» TRY IT
Check each line of the records for "discriminate"; collect those that have it.

(MATERIAL PROVIDED)

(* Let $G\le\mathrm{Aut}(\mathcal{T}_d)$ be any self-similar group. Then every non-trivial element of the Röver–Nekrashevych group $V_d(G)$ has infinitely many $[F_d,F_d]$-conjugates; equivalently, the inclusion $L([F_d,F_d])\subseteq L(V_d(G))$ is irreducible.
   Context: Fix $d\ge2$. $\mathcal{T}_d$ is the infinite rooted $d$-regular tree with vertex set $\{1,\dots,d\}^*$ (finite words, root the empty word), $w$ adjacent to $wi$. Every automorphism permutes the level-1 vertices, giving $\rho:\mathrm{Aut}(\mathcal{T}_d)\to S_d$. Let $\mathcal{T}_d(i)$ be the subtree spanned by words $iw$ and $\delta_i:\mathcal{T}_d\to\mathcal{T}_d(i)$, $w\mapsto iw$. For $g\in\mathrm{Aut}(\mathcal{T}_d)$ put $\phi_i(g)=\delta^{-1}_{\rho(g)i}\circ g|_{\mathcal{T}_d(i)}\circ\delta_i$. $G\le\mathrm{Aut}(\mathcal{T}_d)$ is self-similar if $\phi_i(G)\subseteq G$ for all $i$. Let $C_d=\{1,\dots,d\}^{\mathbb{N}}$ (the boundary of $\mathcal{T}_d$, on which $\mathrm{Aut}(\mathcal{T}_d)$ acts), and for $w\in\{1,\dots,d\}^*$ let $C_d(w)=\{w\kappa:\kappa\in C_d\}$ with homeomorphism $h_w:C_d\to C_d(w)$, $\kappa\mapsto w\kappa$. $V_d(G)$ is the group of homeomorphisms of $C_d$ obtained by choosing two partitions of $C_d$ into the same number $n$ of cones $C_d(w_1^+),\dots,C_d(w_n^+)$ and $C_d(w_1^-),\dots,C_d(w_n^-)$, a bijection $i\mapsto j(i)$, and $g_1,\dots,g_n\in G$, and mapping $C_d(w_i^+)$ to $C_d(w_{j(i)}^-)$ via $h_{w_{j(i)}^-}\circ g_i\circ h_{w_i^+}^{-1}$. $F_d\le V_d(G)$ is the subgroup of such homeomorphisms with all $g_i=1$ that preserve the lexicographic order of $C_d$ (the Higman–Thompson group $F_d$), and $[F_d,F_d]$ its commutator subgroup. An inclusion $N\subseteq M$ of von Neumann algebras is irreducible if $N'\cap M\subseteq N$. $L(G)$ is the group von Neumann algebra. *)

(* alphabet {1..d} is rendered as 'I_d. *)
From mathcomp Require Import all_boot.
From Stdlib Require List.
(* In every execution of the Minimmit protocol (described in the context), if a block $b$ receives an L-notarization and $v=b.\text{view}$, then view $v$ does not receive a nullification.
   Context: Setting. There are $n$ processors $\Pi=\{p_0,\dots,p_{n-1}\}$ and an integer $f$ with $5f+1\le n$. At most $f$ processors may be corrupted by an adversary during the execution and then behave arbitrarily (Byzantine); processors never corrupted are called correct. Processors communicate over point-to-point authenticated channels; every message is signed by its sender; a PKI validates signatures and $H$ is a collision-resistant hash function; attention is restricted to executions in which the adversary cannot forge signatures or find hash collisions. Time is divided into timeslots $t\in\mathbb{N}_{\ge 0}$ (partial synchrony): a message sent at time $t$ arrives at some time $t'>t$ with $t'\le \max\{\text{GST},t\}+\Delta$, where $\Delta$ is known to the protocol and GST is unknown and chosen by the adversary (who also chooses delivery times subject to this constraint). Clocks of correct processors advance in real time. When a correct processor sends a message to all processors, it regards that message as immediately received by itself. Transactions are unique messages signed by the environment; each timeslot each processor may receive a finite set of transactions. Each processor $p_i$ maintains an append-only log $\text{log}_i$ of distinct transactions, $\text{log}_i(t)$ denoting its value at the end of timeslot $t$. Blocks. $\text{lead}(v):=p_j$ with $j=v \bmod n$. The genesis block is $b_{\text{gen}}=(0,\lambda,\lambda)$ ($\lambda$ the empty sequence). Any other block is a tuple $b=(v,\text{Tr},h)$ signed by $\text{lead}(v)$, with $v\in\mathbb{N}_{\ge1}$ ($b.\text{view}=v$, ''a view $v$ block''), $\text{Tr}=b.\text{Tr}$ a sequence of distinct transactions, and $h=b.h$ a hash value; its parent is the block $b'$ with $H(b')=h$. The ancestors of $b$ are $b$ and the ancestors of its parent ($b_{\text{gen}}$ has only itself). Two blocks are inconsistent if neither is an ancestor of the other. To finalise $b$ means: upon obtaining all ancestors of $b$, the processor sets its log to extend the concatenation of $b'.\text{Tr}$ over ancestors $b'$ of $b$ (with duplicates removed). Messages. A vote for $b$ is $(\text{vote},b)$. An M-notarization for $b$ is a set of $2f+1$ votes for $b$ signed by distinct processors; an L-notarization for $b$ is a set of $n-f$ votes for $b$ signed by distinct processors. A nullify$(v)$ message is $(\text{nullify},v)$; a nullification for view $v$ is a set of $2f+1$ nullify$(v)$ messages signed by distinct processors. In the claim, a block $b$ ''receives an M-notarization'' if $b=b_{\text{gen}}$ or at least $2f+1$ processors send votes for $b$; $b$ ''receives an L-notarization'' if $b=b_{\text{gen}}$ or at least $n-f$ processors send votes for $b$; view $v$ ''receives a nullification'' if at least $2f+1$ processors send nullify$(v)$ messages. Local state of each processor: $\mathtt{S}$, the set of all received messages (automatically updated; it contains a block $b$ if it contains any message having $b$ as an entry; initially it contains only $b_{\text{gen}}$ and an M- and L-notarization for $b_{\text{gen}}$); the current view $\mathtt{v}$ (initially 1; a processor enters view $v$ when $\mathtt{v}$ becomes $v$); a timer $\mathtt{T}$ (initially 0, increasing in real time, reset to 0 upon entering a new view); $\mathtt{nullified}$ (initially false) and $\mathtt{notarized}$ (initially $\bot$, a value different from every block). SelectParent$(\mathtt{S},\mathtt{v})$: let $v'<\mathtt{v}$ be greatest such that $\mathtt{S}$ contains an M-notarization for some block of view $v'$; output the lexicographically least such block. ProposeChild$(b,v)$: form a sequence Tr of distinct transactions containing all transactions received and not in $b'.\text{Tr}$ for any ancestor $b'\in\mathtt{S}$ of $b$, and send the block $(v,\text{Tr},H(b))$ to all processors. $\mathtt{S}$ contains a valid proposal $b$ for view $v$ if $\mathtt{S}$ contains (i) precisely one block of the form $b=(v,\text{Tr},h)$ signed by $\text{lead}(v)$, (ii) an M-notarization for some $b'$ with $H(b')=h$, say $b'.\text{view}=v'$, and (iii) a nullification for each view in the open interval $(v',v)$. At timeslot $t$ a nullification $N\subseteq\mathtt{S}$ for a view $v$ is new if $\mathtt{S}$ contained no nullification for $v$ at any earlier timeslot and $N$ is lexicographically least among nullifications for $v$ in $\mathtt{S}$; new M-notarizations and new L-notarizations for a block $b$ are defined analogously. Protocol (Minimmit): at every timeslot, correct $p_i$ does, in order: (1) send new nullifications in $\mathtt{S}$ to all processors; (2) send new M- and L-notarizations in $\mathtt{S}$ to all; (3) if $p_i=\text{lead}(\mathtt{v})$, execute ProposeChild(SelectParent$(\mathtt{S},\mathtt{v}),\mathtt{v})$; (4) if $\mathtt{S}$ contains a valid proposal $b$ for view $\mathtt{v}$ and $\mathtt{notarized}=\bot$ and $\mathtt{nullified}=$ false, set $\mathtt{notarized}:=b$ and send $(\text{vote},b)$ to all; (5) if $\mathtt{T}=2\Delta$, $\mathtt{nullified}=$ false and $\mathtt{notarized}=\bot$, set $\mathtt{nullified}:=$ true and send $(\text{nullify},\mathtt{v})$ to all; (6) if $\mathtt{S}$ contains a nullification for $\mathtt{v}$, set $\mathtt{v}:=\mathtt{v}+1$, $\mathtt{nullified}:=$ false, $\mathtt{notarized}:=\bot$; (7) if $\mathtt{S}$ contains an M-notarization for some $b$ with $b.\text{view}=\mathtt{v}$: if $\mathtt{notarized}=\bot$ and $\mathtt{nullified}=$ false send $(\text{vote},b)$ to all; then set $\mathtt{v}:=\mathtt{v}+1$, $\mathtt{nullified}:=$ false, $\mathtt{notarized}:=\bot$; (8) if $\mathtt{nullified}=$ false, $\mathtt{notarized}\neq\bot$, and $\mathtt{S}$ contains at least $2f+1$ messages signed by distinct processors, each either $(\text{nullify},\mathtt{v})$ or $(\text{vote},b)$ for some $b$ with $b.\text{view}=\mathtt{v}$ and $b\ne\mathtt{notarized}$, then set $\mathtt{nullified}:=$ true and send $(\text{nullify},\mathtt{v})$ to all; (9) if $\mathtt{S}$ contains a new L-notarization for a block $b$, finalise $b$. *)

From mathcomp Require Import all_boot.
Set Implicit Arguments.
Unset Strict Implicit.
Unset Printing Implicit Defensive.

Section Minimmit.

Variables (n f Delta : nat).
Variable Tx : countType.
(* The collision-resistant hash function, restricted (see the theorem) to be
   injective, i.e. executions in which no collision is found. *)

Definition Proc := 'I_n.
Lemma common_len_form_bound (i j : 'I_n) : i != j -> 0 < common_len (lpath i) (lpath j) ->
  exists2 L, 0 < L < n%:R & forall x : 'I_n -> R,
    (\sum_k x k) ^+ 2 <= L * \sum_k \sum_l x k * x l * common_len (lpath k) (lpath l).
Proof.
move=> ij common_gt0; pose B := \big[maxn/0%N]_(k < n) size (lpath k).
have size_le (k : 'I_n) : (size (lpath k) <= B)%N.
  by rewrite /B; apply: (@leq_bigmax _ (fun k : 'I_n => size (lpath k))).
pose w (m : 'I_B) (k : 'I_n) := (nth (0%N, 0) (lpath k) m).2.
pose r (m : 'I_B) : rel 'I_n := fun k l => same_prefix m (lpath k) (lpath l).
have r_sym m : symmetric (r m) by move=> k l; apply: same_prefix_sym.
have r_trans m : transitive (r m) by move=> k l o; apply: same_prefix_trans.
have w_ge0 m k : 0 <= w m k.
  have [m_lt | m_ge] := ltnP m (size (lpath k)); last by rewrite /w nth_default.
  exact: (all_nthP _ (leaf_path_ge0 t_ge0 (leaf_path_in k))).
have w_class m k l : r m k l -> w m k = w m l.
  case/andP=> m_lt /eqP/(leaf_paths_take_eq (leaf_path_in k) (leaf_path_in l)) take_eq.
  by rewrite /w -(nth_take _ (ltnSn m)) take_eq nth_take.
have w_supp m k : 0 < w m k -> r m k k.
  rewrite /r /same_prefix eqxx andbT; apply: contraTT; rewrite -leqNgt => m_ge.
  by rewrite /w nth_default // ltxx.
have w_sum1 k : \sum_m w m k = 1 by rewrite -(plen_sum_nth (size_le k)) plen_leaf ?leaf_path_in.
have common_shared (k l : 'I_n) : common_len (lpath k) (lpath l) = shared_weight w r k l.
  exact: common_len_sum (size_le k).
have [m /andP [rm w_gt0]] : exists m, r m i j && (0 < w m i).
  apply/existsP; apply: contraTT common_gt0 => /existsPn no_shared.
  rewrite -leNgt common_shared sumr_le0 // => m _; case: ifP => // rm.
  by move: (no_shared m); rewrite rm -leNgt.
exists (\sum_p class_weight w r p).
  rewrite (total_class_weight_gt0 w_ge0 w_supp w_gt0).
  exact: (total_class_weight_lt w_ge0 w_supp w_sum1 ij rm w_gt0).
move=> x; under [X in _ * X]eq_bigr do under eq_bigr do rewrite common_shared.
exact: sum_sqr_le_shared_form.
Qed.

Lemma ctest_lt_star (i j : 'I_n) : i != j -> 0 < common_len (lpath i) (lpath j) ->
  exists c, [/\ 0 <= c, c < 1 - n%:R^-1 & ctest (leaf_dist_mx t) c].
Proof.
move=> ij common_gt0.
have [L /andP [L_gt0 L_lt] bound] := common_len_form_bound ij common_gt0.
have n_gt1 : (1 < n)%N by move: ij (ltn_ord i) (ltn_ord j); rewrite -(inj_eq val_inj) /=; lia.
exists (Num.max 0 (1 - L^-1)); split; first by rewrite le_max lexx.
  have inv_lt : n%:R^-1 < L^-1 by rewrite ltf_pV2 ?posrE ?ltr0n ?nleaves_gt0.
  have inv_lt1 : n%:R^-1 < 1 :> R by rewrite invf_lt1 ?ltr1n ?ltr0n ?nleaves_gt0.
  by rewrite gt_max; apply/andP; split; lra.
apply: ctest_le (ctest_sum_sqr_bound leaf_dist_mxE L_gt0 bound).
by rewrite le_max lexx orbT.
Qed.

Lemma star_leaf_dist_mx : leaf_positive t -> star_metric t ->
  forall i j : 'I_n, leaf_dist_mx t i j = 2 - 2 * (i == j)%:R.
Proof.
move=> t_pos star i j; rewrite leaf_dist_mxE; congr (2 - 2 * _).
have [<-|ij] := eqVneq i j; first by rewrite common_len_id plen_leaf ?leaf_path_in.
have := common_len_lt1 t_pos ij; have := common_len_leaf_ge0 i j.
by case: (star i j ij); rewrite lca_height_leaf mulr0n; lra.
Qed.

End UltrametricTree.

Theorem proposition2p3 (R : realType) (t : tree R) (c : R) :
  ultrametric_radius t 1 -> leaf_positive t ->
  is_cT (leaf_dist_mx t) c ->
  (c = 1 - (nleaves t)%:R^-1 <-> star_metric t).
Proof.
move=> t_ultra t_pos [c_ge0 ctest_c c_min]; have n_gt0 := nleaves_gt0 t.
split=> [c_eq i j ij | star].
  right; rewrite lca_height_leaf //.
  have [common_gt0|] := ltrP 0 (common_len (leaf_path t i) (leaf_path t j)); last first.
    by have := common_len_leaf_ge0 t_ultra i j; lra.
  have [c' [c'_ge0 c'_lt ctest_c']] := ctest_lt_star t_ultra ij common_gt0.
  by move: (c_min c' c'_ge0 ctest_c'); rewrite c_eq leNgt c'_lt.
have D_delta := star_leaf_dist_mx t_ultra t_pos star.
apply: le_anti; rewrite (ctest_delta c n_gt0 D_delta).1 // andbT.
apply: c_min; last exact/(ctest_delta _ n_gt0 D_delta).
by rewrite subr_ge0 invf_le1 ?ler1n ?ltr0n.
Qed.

(End MATERIAL PROVIDED)
(MATERIAL PROVIDED)

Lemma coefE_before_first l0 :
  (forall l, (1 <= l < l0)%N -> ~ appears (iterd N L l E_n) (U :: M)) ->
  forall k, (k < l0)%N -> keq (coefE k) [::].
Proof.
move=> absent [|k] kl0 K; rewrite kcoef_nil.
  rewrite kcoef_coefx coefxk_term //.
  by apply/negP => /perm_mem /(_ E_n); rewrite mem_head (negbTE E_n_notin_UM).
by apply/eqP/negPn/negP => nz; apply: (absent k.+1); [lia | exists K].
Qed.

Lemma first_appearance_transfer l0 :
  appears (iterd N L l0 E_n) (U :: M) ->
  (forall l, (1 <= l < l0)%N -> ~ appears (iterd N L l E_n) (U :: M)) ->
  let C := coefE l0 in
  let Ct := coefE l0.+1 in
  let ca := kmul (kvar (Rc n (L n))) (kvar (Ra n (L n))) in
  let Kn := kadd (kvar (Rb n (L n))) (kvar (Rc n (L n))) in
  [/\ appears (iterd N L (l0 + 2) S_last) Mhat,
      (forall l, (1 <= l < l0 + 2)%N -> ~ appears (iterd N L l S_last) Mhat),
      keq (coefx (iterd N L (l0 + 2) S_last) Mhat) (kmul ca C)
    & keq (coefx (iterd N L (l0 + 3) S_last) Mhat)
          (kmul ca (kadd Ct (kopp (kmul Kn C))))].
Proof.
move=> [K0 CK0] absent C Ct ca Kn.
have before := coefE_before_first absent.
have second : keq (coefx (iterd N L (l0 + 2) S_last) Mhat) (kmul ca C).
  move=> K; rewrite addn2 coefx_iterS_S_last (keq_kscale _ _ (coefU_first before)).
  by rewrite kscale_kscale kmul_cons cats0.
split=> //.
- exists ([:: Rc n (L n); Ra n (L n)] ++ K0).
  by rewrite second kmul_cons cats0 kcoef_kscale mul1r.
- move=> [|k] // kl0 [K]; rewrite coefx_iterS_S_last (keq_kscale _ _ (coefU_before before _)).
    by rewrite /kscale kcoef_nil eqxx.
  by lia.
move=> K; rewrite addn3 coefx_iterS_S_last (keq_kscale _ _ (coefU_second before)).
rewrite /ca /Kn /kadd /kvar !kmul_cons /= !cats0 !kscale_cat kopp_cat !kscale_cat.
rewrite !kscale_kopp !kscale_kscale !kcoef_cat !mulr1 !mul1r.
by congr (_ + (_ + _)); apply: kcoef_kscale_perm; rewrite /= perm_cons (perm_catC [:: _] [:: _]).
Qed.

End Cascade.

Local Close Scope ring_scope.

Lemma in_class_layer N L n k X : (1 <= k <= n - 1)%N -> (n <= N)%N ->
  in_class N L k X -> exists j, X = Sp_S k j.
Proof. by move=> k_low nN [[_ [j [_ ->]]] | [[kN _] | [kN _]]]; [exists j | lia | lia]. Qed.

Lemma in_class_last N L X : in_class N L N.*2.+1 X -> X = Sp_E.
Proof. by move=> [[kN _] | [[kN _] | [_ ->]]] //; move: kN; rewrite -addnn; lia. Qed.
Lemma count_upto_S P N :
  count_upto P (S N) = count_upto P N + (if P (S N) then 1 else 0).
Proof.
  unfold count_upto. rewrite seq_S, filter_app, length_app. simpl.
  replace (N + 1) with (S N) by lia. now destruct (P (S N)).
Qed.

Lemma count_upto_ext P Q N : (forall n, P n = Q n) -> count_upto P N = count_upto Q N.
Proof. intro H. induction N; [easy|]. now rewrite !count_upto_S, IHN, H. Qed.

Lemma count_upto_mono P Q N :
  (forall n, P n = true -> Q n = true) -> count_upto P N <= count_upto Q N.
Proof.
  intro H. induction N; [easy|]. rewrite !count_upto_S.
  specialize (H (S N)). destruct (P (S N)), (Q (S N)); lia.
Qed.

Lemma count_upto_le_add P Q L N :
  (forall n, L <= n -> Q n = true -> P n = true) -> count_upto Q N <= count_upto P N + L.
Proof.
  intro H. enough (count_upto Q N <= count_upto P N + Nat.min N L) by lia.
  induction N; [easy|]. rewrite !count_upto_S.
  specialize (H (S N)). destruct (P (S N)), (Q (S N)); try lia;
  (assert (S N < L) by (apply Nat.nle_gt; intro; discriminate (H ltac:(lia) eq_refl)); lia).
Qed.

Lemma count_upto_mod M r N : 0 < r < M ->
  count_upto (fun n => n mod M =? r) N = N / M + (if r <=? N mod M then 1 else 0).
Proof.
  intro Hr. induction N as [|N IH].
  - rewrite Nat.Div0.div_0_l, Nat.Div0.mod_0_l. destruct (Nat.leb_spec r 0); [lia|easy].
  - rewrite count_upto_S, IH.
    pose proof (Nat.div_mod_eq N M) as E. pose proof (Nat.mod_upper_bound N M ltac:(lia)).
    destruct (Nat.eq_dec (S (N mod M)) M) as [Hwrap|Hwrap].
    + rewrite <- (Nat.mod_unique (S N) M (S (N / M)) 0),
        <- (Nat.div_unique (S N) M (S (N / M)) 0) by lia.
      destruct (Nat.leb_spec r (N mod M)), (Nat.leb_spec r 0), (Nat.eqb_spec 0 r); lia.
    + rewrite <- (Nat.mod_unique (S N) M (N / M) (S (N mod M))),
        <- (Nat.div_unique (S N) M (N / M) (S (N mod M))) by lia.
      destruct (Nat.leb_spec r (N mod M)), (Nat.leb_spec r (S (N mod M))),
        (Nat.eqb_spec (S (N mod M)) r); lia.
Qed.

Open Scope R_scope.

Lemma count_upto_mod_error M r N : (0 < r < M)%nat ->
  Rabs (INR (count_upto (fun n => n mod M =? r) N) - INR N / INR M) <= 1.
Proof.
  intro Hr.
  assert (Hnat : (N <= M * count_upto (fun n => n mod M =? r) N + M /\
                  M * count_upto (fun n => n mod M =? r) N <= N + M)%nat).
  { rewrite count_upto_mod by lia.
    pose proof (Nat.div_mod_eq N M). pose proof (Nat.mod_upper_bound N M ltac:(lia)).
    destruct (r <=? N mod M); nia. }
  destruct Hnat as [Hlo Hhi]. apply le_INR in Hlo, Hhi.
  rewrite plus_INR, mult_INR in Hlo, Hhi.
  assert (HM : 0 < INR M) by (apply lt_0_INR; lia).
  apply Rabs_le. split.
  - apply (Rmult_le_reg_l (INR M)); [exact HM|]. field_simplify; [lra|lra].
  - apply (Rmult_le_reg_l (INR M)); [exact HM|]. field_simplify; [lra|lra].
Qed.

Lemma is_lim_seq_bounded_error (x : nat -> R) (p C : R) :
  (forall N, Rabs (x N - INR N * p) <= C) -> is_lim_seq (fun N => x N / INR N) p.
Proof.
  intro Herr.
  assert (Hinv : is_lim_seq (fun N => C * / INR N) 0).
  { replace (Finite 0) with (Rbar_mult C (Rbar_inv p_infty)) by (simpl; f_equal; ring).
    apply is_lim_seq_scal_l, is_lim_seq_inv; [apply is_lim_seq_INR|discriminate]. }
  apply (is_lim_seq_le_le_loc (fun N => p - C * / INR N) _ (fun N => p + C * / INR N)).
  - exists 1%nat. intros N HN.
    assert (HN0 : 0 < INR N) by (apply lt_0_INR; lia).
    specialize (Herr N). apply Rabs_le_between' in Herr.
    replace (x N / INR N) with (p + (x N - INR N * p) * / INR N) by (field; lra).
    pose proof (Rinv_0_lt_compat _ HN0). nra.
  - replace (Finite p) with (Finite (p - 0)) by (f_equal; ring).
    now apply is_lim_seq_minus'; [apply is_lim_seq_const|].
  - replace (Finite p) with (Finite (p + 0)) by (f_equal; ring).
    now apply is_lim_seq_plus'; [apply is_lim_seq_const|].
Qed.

(End MATERIAL PROVIDED)

» ANSWER TO THE PROBLEM
  (assert (S N < L) by (apply Nat.nle_gt; intro; discriminate (H ltac:(lia) eq_refl)); lia).
    apply is_lim_seq_scal_l, is_lim_seq_inv; [apply is_lim_seq_INR|discriminate]. }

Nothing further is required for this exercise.